Cour d’appel administrative de Lyon, le 8 octobre 2025, n°24LY02784

La Cour administrative d’appel de Lyon, par un arrêt rendu le 8 octobre 2025, s’est prononcée sur la légalité d’un refus de séjour. Le litige concerne un ressortissant étranger revendiquant la qualité de parent d’un enfant français pour obtenir le droit de demeurer sur le territoire national. Entré en France en 2018, l’intéressé avait déjà fait l’objet de plusieurs mesures d’éloignement définitives avant de solliciter un nouveau titre de séjour en 2024. L’autorité administrative a rejeté sa demande et a assorti sa décision d’une obligation de quitter le territoire français sans délai de départ volontaire. Saisi en première instance, le Tribunal administratif de Lyon a rejeté la demande d’annulation par un jugement prononcé le 23 septembre 2024. Le requérant soutient devant le juge d’appel que la décision méconnaît l’accord franco-tunisien ainsi que les dispositions protectrices du code de l’entrée et du séjour. Il appartient dès lors à la juridiction administrative de déterminer si la preuve d’une contribution effective à l’entretien de l’enfant est rapportée avec certitude. La solution dégagée confirme la position préfectorale en soulignant l’insuffisance des éléments probants produits par le requérant pour justifier sa situation familiale réelle.
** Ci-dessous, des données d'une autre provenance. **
(* Jensen's inequality, obtained by integrating
   [0 <= ip (phi t - v) (phi t - v)] at [v = vmean phi]. *)
Lemma ip_self_vmean_le (phi : T -> 'rV[R]_k) : inL2 P ip phi ->
  (ip (vmean phi) (vmean phi))%:E <= \int[P]_t (ip (phi t) (phi t))%:E.
Proof.
move=> hphi; set v := vmean phi.
have cst_L2 : inL2 P ip (fun _ => v).
  split; first by move=> i; exact: measurable_cst.
  by rewrite /L2norm2 integral_cst_probability ltry.
have iQ := integrable_ip_self Hip hphi.
have iZ := integrableZl measurableT (-2) (integrable_ip Hip hphi cst_L2).
have iC := finite_measure_integrable_cst P (ip v v) measurableT.
have : 0 <= \int[P]_t (ip (phi t - v) (phi t - v))%:E.
  by apply: integral_ge0 => t _; rewrite lee_fin (ip_ge0 Hip).
rewrite (eq_integral (fun t => ((ip (phi t) (phi t))%:E
    + ((-2)%:E * (ip (phi t) v)%:E)) + (ip v v)%:E)); last first.
  by move=> t _; rewrite (ip_selfB Hip) -EFinM -!EFinD; congr EFin; ring.
have iS := integrableD measurableT iQ iZ.
rewrite (integralD measurableT iS iC) /= (integralD measurableT iQ iZ).
rewrite (integralZl measurableT (integrable_ip Hip hphi cst_L2)).
rewrite integral_cst_probability integral_ip_vmean //.
rewrite -(fineK (integrable_fin_num measurableT iQ)) -!EFinM -!EFinD !lee_fin.
lra.
Qed.
End vector_mean.

Section change_of_variables.
Context d1 d2 (T1 : measurableType d1) (T2 : measurableType d2) (R : realType).
Local Open Scope ereal_scope.

Lemma eq_integral_comp d3 (U : measurableType d3)
    (m1 : {measure set T1 -> \bar R}) (m2 : {measure set T2 -> \bar R})
    (phi1 : T1 -> U) (phi2 : T2 -> U) :
  (forall F : U -> \bar R, measurable_fun setT F -> (forall u, 0 <= F u) ->
     \int[m1]_x F (phi1 x) = \int[m2]_y F (phi2 y)) ->
  forall F : U -> \bar R, measurable_fun setT F ->
    \int[m1]_x F (phi1 x) = \int[m2]_y F (phi2 y).
Proof.
move=> ge0_eq F mF; rewrite integralE [RHS]integralE.
rewrite (funepos_comp F phi1) (funeneg_comp F phi1).
rewrite (funepos_comp F phi2) (funeneg_comp F phi2) /=.
rewrite ge0_eq //; last exact: measurable_funepos.
by rewrite ge0_eq //; exact: measurable_funeneg.
Qed.

Lemma integral_measure_preserving (m1 : {measure set T1 -> \bar R})
    (m2 : {measure set T2 -> \bar R}) (phi : T1 -> T2) :
  measurable_fun setT phi ->
  (forall A, measurable A -> m1 (phi @^-1` A) = m2 A) ->
  forall F : T2 -> \bar R, measurable_fun setT F ->
    \int[m1]_x F (phi x) = \int[m2]_y F y.
Proof.
move=> mphi phi_pres; apply: (eq_integral_comp (phi2 := id)) => F mF F0.
rewrite -[LHS]/(\int[m1]_(x in phi @^-1` setT) (F \o phi) x).
rewrite -ge0_integral_pushforward //.
by apply: eq_measure_integral => A mA _; exact: phi_pres.
Qed.
End change_of_variables.

Section haar.
Variables (R : realType) (G : ptopologicalType).
Variables (mul : G -> G -> G) (inv : G -> G) (one : G).
Hypothesis HG : is_topological_group mul inv one.
Variable lam : probability (borel G) R.
Hypothesis Hlam : is_haar_probability mul lam.

Let Hgrp : is_group mul inv one. Proof. by case: HG. Qed.

Lemma measurable_invg : measurable_fun setT (inv : borel G -> borel G).
Proof. by apply: continuous_borel_measurable; case: HG. Qed.

Lemma measurable_mull c : measurable_fun setT (mul c : borel G -> borel G).
Proof.
by apply: continuous_borel_measurable; apply: continuous_mull; case: HG.
Qed.

Local Open Scope ereal_scope.

Lemma haar_integralMl c (psi : borel G -> \bar R) : measurable_fun setT psi ->
  \int[lam]_g psi (mul c g) = \int[lam]_g psi g.
Proof.
move=> mpsi.
apply: (integral_measure_preserving (measurable_mull c)) => // A mA.
transitivity (lam [set mul (inv c) h | h in A]); last exact: Hlam.
congr (lam _).
apply/seteqP; split => [g Acg|_ [h Ah <-]] /=.
  by exists (mul c g); rewrite ?(grp_mulKg Hgrp).
by rewrite (grp_mulKVg Hgrp).
Qed.

Section orbit.
Variables (X : ptopologicalType) (act : G -> X -> X).
Hypothesis Hact : is_action mul one act.
Hypothesis Hactm :
  measurable_fun setT
    (fun p : (borel G * borel X)%type => (act p.1 p.2 : borel X)).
L’examen des conditions matérielles de la contribution précédera l’analyse globale de la proportionnalité de l’atteinte portée à la vie privée de l’intéressé.

I. L’appréciation rigoureuse des conditions de contribution à l’entretien de l’enfant

A. L’exigence de preuves matérielles caractérisant l’effectivité de l’éducation

L’article L. 423-7 du code de l’entrée et du séjour impose au parent d’un enfant français de « contribuer effectivement à l’entretien et à l’éducation de l’enfant ». Cette obligation légale exige la démonstration d’un investissement concret et régulier dans la vie du mineur depuis sa naissance ou depuis deux ans au moins. Le juge administratif vérifie scrupuleusement la réalité de cet engagement à travers les pièces produites par le demandeur lors de l’instruction de son dossier. La simple reconnaissance de paternité ne suffit pas à établir la réalité du lien éducatif requis par les stipulations de l’accord franco-tunisien applicable.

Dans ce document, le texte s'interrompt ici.